# New Blood



## 1Houston (Nov 29, 2003)

3-cats, 2-birds, 2-fish, 1-dog in Colorado

1st purchase...Hiroshi (1 fawn Great Dane who doesn't live with me now)
1st adoption...Mehmet & Vedat (2 beautiful cats from the pound)
2nd purchase...Nevzat &Tetsuko (2 nice birds-Parakeets)
1st find...Hasan (1 Very Russian Blue-looking 2-week old cat we found)

This is my family. My cousin takes care of my dog now, thanks to God.
We have 3 cats now, 2 fish and 2 birds.

If I can find out how to post pics of my cats, I'll do so.

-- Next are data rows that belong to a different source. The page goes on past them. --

Lemma edge_face A B : A \in bases -> B \in bases -> A != B -> #|A :&: B|.+1 = r ->
  forall x, segment (vertex A) (vertex B) x <->
    Pol x /\ forall y, Pol y -> dotv (vertex A + vertex B) y <= dotv (vertex A + vertex B) x.
Proof.
move=> A_in B_in neq_AB cardAB; set w := vertex A + vertex B; pose M : R := (r + r.-1)%:R.
have w_le C (C_in : C \in bases) := (edge_weight A_in B_in C_in cardAB).1.
have w_eq C (C_in : C \in bases) := (edge_weight A_in B_in C_in cardAB).2.
have wA : dotv w (vertex A) = M by apply/eqP; rewrite w_eq ?eqxx.
have wB : dotv w (vertex B) = M by apply/eqP; rewrite w_eq ?eqxx ?orbT.
move=> x; split=> [segx|[[c [c_ge0 c_sum x_eq]] x_max]].
  split; first exact: polytope_segment segx.
  move=> y /polytope_le /(_ w_le); case: segx => t [_ _ ->].
  by rewrite dotvDr !dotvZr wA wB -mulrDl subrKC mul1r.
have wx : dotv w x = M.
  have Pol_x : Pol x by exists c.
  apply/eqP; rewrite eq_le (polytope_le Pol_x w_le) -wA x_max //.
  exact: polytope_vertex.
have c0 C : C \in bases -> (C != A) && (C != B) -> c C = 0.
  move=> C_in; rewrite -negb_or -w_eq // => /eqP neq_M.
  apply/eqP/negPn/negP => cC; apply: neq_M.
  apply: (convex_max_support (f := fun C => dotv w (vertex C)) c_ge0 c_sum) => //.
    by move=> D D_in _; apply: w_le.
  by rewrite -/M -wx x_eq dotv_sumr.
have cAB : c A + c B = 1.
  by rewrite -c_sum (bigD2 _ A_in B_in neq_AB) big1 ?addr0 // => C /andP[]; exact: c0.
exists (c A); split; [exact: c_ge0 | by rewrite -cAB lerDl | ].
rewrite x_eq (bigD2 _ A_in B_in neq_AB) big1 ?addr0 => [|C /andP[C_in /(c0 C C_in)->]].
  by rewrite -cAB [c A + c B]addrC addrK.
by rewrite scale0r.
Qed.
Lemma depth_min z k : walk_len e z u k -> depth z <= k.
Proof. by rewrite /depth; case: ex_minnP => m _ min_m /walk_lenP /min_m. Qed.

Lemma depth_root : depth u = 0.
Proof. by apply/eqP; rewrite -leqn0; apply/depth_min/walk_len0. Qed.

Lemma depth_gt0 z : (0 < depth z) = (z != u).
Proof.
apply/idP/idP => [|zu].
  by apply: contraTneq => ->; rewrite depth_root.
have [[|w p] [_ lp sp]] := depth_walk z; first by rewrite -lp eqxx in zu.
by rewrite -sp.
Qed.

Definition parent z :=
  if [pick w | e z w && ((depth w).+1 == depth z)] is Some w then w else z.

Lemma parentP z : z != u -> e z (parent z) /\ (depth (parent z)).+1 = depth z.
Proof.
move=> zu; rewrite /parent; case: pickP => [w /andP[ezw /eqP] // | no_parent].
have [[|w p] [pp lp sp]] := depth_walk z; first by rewrite -lp eqxx in zu.
move: pp => /= /andP[ezw pw].
have le_w : depth w <= size p by apply: depth_min; exists p.
have le_z : depth z <= (depth w).+1 by apply/depth_min/walk_len_cons/depth_walk.
suff: (depth w).+1 == depth z by rewrite -[_ == _]andTb -ezw no_parent.
by apply/eqP; rewrite -sp /= in le_z *; lia.
Qed.

Lemma depth_parent z : z != u -> (depth (parent z)).+1 = depth z.
Proof. by case/parentP. Qed.

Lemma depth_iter_parent z j : j <= depth z -> depth (iter j parent z) = depth z - j.
Proof.
elim: j => [|j IHj] le_j /=; first by rewrite subn0.
have d_j := IHj (ltnW le_j).
have zj : iter j parent z != u by rewrite -depth_gt0 d_j subn_gt0.
by have := depth_parent zj; rewrite d_j; lia.
Qed.

Lemma walk_iter_parent z j : j <= depth z -> walk_len e z (iter j parent z) j.
Proof.
elim: j => [|j IHj] le_j /=; first exact: walk_len0.
have zj : iter j parent z != u.
  by rewrite -depth_gt0 depth_iter_parent ?subn_gt0 // ltnW.
rewrite -addn1; apply: walk_len_cat (IHj (ltnW le_j)) _.
exact/walk_len_cons/walk_len0/(parentP zj).1.
Qed.

Hypotheses (e_irr : irreflexive e) (card_edges : #|edges e| = #|T| - 1).

(* The |T| - 1 parent edges are distinct, so they are all the edges. *)
Lemma edge_parent x y :
  e x y -> (x != u /\ y = parent x) \/ (y != u /\ x = parent y).
Proof.
move=> exy; pose pedge z := [set z; parent z].
have pedge_inj : {in [set~ u] &, injective pedge}.
  move=> z z'; rewrite !in_setC1 => zu z'u eq_z.
  have: z \in pedge z' by rewrite -eq_z !inE eqxx.
  have: z' \in pedge z by rewrite eq_z !inE eqxx.
  rewrite !inE => /orP[/eqP -> // | /eqP pz] /orP[/eqP -> // | /eqP pz'].
  by have := depth_parent zu; have := depth_parent z'u; rewrite -pz -pz'; lia.
have sub_edges : pedge @: [set~ u] \subset edges e.
  apply/subsetP => E /imsetP[z]; rewrite in_setC1 => zu ->.
  by apply/imset2P; exists z (parent z); rewrite ?inE ?(parentP zu).1.
have eq_edges : pedge @: [set~ u] = edges e.
  by apply/eqP; rewrite eqEcard sub_edges card_in_imset // cardsC1 card_edges subn1 leqnn.
have : [set x; y] \in edges e by apply/imset2P; exists x y; rewrite ?inE.
rewrite -eq_edges => /imsetP[z]; rewrite in_setC1 => zu eq_xy.
have neq_xy : x != y by apply: contraTneq exy => ->; rewrite e_irr.
have : x \in pedge z by rewrite -eq_xy !inE eqxx.
have : y \in pedge z by rewrite -eq_xy !inE eqxx orbT.
rewrite !inE => /orP[] /eqP eq_y /orP[] /eqP eq_x; rewrite eq_x eq_y ?eqxx in neq_xy *.
all: by [left | right].
Qed.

Nice to meet you all! Cheers!


----------



## Jeanie (Jun 18, 2003)

Hello and welcome to the catforum! We have lots of picture posting experts, but I am unfortunately not one of them. I know we'll enjoy hearing about your menagerie, and I feel certain you'll have fun here. There are lots of great people and interesting posts!


----------



## Aonir (Aug 18, 2003)

Welcome to CatForum!


----------



## kitkat (Sep 22, 2003)

Welcome to the forum, you and your pet family. :lol: 

As far as pics go in the top right it says Cat Photos, you can just do it from your computer... it just says to browse etc and you just click where it is on your computer., if you need help pm me.


----------



## Ioana (Jul 12, 2003)

Cheers back to you 1 Houston!
Looking forward to seeing your babies!


----------



## lexxie109 (Jan 20, 2003)

Welcome to the Cat Forum. I hope you like it here!


----------